A data management platform is not an end in itself, nor is it an IT prestige project. It makes sense if it helps to solve specific business problems and create measurable value - for example through more efficient processes, better decisions or new business models.

Many companies fall into a vendor lock-in without realizing it. They decide on a platform early on, sign contracts and build their first solutions. It later becomes apparent that certain requirements can only be implemented with considerable effort, individual workloads become too expensive or important functions only work via detours. 

In addition, there are often skill mismatches: the chosen technology does not match the existing skills in the company.
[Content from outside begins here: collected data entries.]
Lemma w_abcE : (w_abc o0 = o0) * (w_abc o1 = o1) * (w_abc o2 = o2) * (odd_perm w_abc = false).
Proof. by rewrite /w_abc !perm1 odd_perm1. Qed.
Lemma w_acbE : (w_acb o0 = o0) * (w_acb o1 = o2) * (w_acb o2 = o1) * (odd_perm w_acb = true).
Proof. by rewrite /w_acb !permE /= odd_tperm. Qed.
Lemma w_bacE : (w_bac o0 = o1) * (w_bac o1 = o0) * (w_bac o2 = o2) * (odd_perm w_bac = true).
Proof. by rewrite /w_bac !permE /= odd_tperm. Qed.
Lemma w_bcaE : (w_bca o0 = o1) * (w_bca o1 = o2) * (w_bca o2 = o0) * (odd_perm w_bca = false).
Proof. by rewrite /w_bca !permM !permE /= odd_permM !odd_tperm. Qed.
Lemma w_cabE : (w_cab o0 = o2) * (w_cab o1 = o0) * (w_cab o2 = o1) * (odd_perm w_cab = false).
Proof. by rewrite /w_cab !permM !permE /= odd_permM !odd_tperm. Qed.
Lemma w_cbaE : (w_cba o0 = o2) * (w_cba o1 = o1) * (w_cba o2 = o0) * (odd_perm w_cba = true).
Proof. by rewrite /w_cba !permE /= odd_tperm. Qed.

Definition wordE := (w_abcE, w_acbE, w_bacE, w_bcaE, w_cabE, w_cbaE).

Definition S3_words := [:: w_abc; w_acb; w_bac; w_bca; w_cab; w_cba].

Lemma perm_eqF (T : finType) (s t : {perm T}) x y :
  (s x != t x) || (s y != t y) -> (s == t) = false.
Proof. by move=> neq_st; apply/negbTE; apply: contraTneq neq_st => ->; rewrite !eqxx. Qed.

Lemma S3_words_uniq : uniq S3_words.
Proof. by rewrite /= !inE; do !(rewrite (perm_eqF (x := o0) (y := o1)); last by rewrite !wordE). Qed.

Lemma S3_words_perm_enum : perm_eq (index_enum 'S_3) S3_words.
Proof.
apply: uniq_perm; [exact: index_enum_uniq | exact: S3_words_uniq | move=> s].
have card_words : #|S3_words| = #|'S_3| by rewrite card_Sn (card_uniqP S3_words_uniq).
by rewrite mem_index_enum (subset_cardP card_words (subset_predT _) s).
Qed.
The introduction then quickly turns into a major training and organizational project - while the business is already expecting results.

Fragmented reality

In theory, there is a central platform with clear data models and uniform key figures. In practice, the situation is usually different: Companies work with many operational systems such as ERP, CRM or specialized applications as well as external data sources or IoT data. 

On top of this lies a mature analytics landscape consisting of BI tools, Excel evaluations, embedded analytics and initial AI projects. Many of these solutions have grown historically and are interconnected at certain points. This leads to data silos, different KPI definitions and governance that is difficult to manage consistently. Some companies also try to use their ERP system as a central analysis platform. 

However, this contradicts the clean-core concept: ERP systems are optimized for transactions, not for complex analytics scenarios across many data sources - especially not for modern AI applications.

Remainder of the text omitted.